Computer Crime Research Center


Surging Internet fraud fuels Scottsdale firm's tracking work

Date: January 05, 2008
By: Edward Gately, Tribune

The growing threat of Internet fraud is fueling the rapid expansion of a Scottsdale-based company that uses cutting-edge technology to find and stop the perpetrators.

The 41st Parameter was founded in 2004 by Ori Eisen, who formerly battled Internet fraud for American Express in Phoenix.

The company’s headquarters was located at Raintree Boulevard and Loop 101, but recently moved to a much larger site across from Taser International’s headquarters in the Perimeter Center.

“Part of the reason (for the expansion) is the problem we solve is a growing problem, at both banks and e-commerce,” said Eisen, the company’s founder and chief innovation officer. “The sophistication of the crooks as well as the ability to launch attacks from across the world allows them to hide all over the world. So their skills require us to stay vigilant.”

In 2006, the national Internet Crime Complaint Center referred 86,279 complaints to federal, state and local law enforcement agencies around the country for further consideration. The total loss from all referred cases of fraud was $198.44 million, up from $183.12 million in 2005.

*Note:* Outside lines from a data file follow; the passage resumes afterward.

Lemma gnorm_le p q r : 0 <= r -> (forall i, (1 <= i <= n)%nat -> gdist (p i) (q i) <= r) ->
  gnorm n p q <= r.
Proof.
  intros Hr H; unfold gnorm.
  assert (Hl : forall i, In i (seq 1 n) -> gdist (p i) (q i) <= r)
    by (intros i Hi; apply in_seq in Hi; apply H; lia).
  induction (seq 1 n) as [| i l IH]; cbn; [lra |].
  apply Rmax_lub; [apply Hl; left; reflexivity | apply IH; intros; apply Hl; right; assumption].
Qed.


Lemma zpotential_of_potential dd p : in_Gn n k p -> is_potential n k E dd M p ->
  zpotential dd (fun i => zpt_of (p i)) /\
  forall i, (1 <= i <= n)%nat -> pt_of_zpt (zpt_of (p i)) = p i.
Proof.
  intros HG [Hedge [Hterm Hrng]]; pose proof Hnet as [_ [HE _]].
  assert (Hp : forall i, (1 <= i <= n)%nat ->
    zvalid (zpt_of (p i)) /\ (1 <= zleg (zpt_of (p i)) <= k)%nat /\ pt_of_zpt (zpt_of (p i)) = p i)
    by (intros i Hi; apply zpt_of_valid; [apply HG | apply Hrng]; auto).
  split; [split; [| split] | intros i Hi; apply Hp, Hi].
  - intros i j Hij; destruct (HE i j Hij) as [Hi [Hj _]].
    specialize (Hedge i j Hij).
    rewrite <- (proj2 (proj2 (Hp i Hi))), <- (proj2 (proj2 (Hp j Hj))), tdist_pt_of_zpt in Hedge.
    unfold pt_of_zpt in Hedge; cbn [snd] in Hedge.
    apply le_IZR; unfold zgap; rewrite !minus_IZR, mult_IZR, <- INR_IZR_INZ; lra.
  - intros s Hs; destruct (Hterm s Hs) as [Hr [Hl Hy]].
    unfold zpt_of; rewrite Hr, Hl, Hy, Rmult_0_r.
    replace (2 * INR M) with (IZR (2 * Z.of_nat M)) by (rewrite mult_IZR, <- INR_IZR_INZ; lra).
    now rewrite ZfloorZ, ZfloorZ.
  - intros i Hi; destruct (Hp i Hi) as [Hv [Hl Hback]]; split; [exact Hv | split; [exact Hl |]].
    destruct (Hrng i Hi) as [_ Hb]; rewrite <- Hback in Hb; unfold pt_of_zpt at 1 in Hb.
    assert (0 <= IZR (zrad (zpt_of (p i)))) by (apply IZR_le, Hv).
    rewrite tdist_origin in Hb by (cbn [fst tr]; lra); cbn [fst tr] in Hb.
    apply le_IZR; rewrite mult_IZR, <- INR_IZR_INZ; lra.
Qed.

Lemma potential_of_zpotential dd Q : zpotential dd Q ->
  in_Gn n k (fun i => pt_of_zpt (Q i)) /\ is_potential n k E dd M (fun i => pt_of_zpt (Q i)).
Proof.
  intros [Hedge [Hterm Hrng]]; split; [| split; [| split]].
  - intros i Hi; destruct (Hrng i Hi) as [Hv [Hl _]]; apply pt_of_zpt_in_G; auto.
  - intros i j Hij; specialize (Hedge i j Hij); rewrite tdist_pt_of_zpt.
    unfold pt_of_zpt; cbn [snd]; apply IZR_le in Hedge.
    unfold zgap in Hedge; rewrite !minus_IZR, mult_IZR, <- INR_IZR_INZ in Hedge; lra.
  - intros s Hs; rewrite (Hterm s Hs); unfold pt_of_zpt; cbn [zrad zleg zhgt fst snd tr tleg].
    rewrite mult_IZR, <- INR_IZR_INZ; repeat split; lra.
  - intros i Hi; destruct (Hrng i Hi) as [[Hr [Hy _]] [_ Hb]].
    apply IZR_le in Hr, Hy, Hb; rewrite mult_IZR, <- INR_IZR_INZ in Hb.
    unfold pt_of_zpt; cbn [snd fst]; rewrite tdist_origin by (cbn [tr]; lra); cbn [tr]; split; lra.
Qed.

Lemma cost_pt_of_zpt Q : cost n k c (fun i => pt_of_zpt (Q i)) = IZR (zcost Q) / 2.
Proof.
  unfold cost, zcost, zsum; induction (seq (S k) (n - k)) as [| i l IH]; cbn [map fold_right].
  - lra.
  - rewrite IH, plus_IZR, mult_IZR, <- INR_IZR_INZ; unfold pt_of_zpt; cbn [snd]; lra.
Qed.

Lemma cost_ext q q' : (forall i, (1 <= i <= n)%nat -> q i = q' i) -> cost n k c q = cost n k c q'.
Proof.
  intros H; unfold cost; f_equal; apply map_ext_in; intros i Hi.
  apply in_seq in Hi; rewrite H by lia; reflexivity.
Qed.

Lemma h_potential dd q : is_potential n k E dd M q -> h n k E c dd M q = Finite (cost n k c q).
Proof.
  intros H; unfold h; destruct (excluded_middle_informative _); [reflexivity | contradiction].
Qed.

Lemma h_not_potential dd q : ~ is_potential n k E dd M q -> h n k E c dd M q = p_infty.
Proof.
  intros H; unfold h; destruct (excluded_middle_informative _); [contradiction | reflexivity].
Qed.

Lemma zminimizer_of_minimizer dd p : is_minimizer n k E c dd M p ->
  zminimizer dd (fun i => zpt_of (p i)) /\
  forall i, (1 <= i <= n)%nat -> pt_of_zpt (zpt_of (p i)) = p i.
Proof.
  intros [HG Hmin].
  assert (Hp : is_potential n k E dd M p).
  { destruct (potential_of_zpotential dd _ (zpotential_zapex dd)) as [HG0 HP0].
    specialize (Hmin _ HG0); rewrite (h_potential _ _ HP0) in Hmin.
    destruct (classic (is_potential n k E dd M p)) as [| Hnp]; [assumption |].
    rewrite (h_not_potential _ _ Hnp) in Hmin; contradiction. }
  destruct (zpotential_of_potential dd p HG Hp) as [HZ Hback].
  split; [split; [exact HZ |] | exact Hback].
  intros Q HQ; destruct (potential_of_zpotential dd Q HQ) as [HGQ HPQ].
  specialize (Hmin _ HGQ); rewrite (h_potential _ _ HPQ), (h_potential _ _ Hp) in Hmin; cbn in Hmin.
  rewrite (cost_ext p (fun i => pt_of_zpt (zpt_of (p i)))) in Hmin by (intros; symmetry; auto).
  rewrite !cost_pt_of_zpt in Hmin; apply le_IZR; lra.
Qed.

The 41st Parameter now has 80 employees internationally, including 40 in Scottsdale, and plans to continuing adding to its work force through 2008, Eisen said.

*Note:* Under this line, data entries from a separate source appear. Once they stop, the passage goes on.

(* Let $X$ and $Y$ be $\mathbb{R}^n$-valued random variables on the same probability space. Suppose $Y$ is centered Gaussian and there are $c_X,C_X>0$ and $m_X\in\mathbb{R}^n$ such that $X$ has a Lebesgue density $p_X$ with $p_X(x)\le C_Xe^{-c_X|x-m_X|^2}$ for all $x\in\mathbb{R}^n$. Then there is $C>0$ such that for each $a\in\mathbb{R}^n$, $$\mathbb{E}\big[e^{-|X-Y-a|^2}\big]\le Ce^{-\frac{c_X}{C}|a-m_X|^2}.$$ *)

From HB Require Import structures.
From mathcomp Require Import all_boot all_order all_algebra.
From mathcomp Require Import all_classical all_reals all_analysis.
Set Implicit Arguments. Unset Strict Implicit. Unset Printing Implicit Defensive.
Import Order.TTheory GRing.Theory Num.Theory.
Local Open Scope classical_set_scope.
Local Open Scope ring_scope.

(* R^n is represented by n.-tuple R, with the canonical product (Borel)
   sigma-algebra generated by the coordinate projections. *)

Definition sqdist {R : realType} {n : nat} (x y : n.-tuple R) : R :=
  \sum_(i < n) (tnth x i - tnth y i) ^+ 2.

Definition tsub {R : realType} {n : nat} (x y : n.-tuple R) : n.-tuple R :=
  [tuple tnth x i - tnth y i | i < n].

Definition tdot {R : realType} {n : nat} (u x : n.-tuple R) : R :=
  \sum_(i < n) tnth u i * tnth x i.

(* Integral of a function over R^n w.r.t. n-dimensional Lebesgue measure,
   written as the iterated one-dimensional Lebesgue integral (for nonnegative
   measurable f this equals the integral w.r.t. the product Lebesgue measure
   by Tonelli). *)
Fixpoint lebesgue_nint {R : realType} (n : nat) :
    (n.-tuple R -> \bar R) -> \bar R :=
  match n return (n.-tuple R -> \bar R) -> \bar R with
  | 0 => fun f => f [tuple]
  | n'.+1 => fun f =>
      (\int[@lebesgue_measure R]_x lebesgue_nint (fun t => f [tuple of x :: t]))%E
  end.

Definition has_lebesgue_density {R : realType} {d : measure_display}
    {Omega : measurableType d} (P : probability Omega R) (n : nat)
    (X : Omega -> n.-tuple R) (p : n.-tuple R -> R) : Prop :=
  measurable_fun setT p /\ (forall x, 0 <= p x) /\
  forall A : set (n.-tuple R), measurable A ->
    P (X @^-1` A) = lebesgue_nint (fun x => (\1_A x * p x)%:E).

Definition centered_gauss1 {R : realType} (s : R) (A : set R) : \bar R :=
  if s == 0 then \d_(0 : R) A else normal_prob 0 s A.

(* Y is a centered Gaussian vector: every linear functional <u, Y> has a
   centered (possibly degenerate) normal distribution. *)
Definition centered_gaussian {R : realType} {d : measure_display}
    {Omega : measurableType d} (P : probability Omega R) (n : nat)
    (Y : Omega -> n.-tuple R) : Prop :=
  forall u : n.-tuple R, exists2 s : R, 0 <= s &
    forall A : set R, measurable A ->
      P ((fun w => tdot u (Y w)) @^-1` A) = centered_gauss1 s A.

(* With r = |a - m|^2 / 9, the triangle inequality |a - m| <= |X - m| + |Y| +
   |X - Y - a| shows that e^{-|X - Y - a|^2} > e^{-r} forces |X - m|^2 >= r or
   Y_i^2 >= r / (n + 1) for some coordinate i.  Hence the expectation is at most
   e^{-r} + P(|X - m|^2 >= r) + sum_i P(Y_i^2 >= r / (n + 1)).  The first tail
   is Gaussian in r because the density of X is dominated by a Gaussian kernel,
   the others because each Y_i = <e_i, Y> is a centered normal variable; a
   constant C large enough for all three rates gives the claim. *)

From HB Require Import structures.
From mathcomp Require Import all_boot all_order all_algebra.
From mathcomp Require Import all_classical all_reals all_analysis.
From mathcomp Require Import measurable_realfun ring lra.
Set Implicit Arguments. Unset Strict Implicit. Unset Printing Implicit Defensive.
Import Order.TTheory GRing.Theory Num.Theory.
Local Open Scope classical_set_scope.
Local Open Scope ring_scope.

Section integral_nonmeasurable.
Context d (T : measurableType d) (R : realType).
Variable mu : {measure set T -> \bar R}.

“We work with the top 10 banks now, and with very, very large e-commerce clients,” he said.

The company uses its technology to help clients detect fraudulent activity on their Web sites, Eisen said.

“Let’s say somebody in Indonesia got ahold of your name, credit card, address, and bought a pair of airline tickets from Indonesia to New York, business class,” he said. “All the information will match up ... but what (the airline) might not know is the personal computer might (be in) Indonesia instead of, say, Scottsdale. So we’re asking every PC .. ‘what language are you configured in,’ ‘where are you in the world,’ ‘what time is it where you are,’ etc. We can detect PCs on the Internet without installing any software on them.”

The Scottsdale headquarters mostly houses product development, along with some professional services, and marketing and sales functions.

“The Internet is very, very anonymous,” Eisen said. “We help alleviate that level of covertness to know at least what devices are coming there so (companies) can make decisions about what (they) want to do.”

Although progress is being made in the fight against Internet fraud, the growth of online trade means the net loss continues climbing each year, Eisen said.

“Unfortunately, the problem we face is ... if we rid the problem for Bank No. 1, they move onto Bank No. 2,” he said. “The crooks just take their business elsewhere.”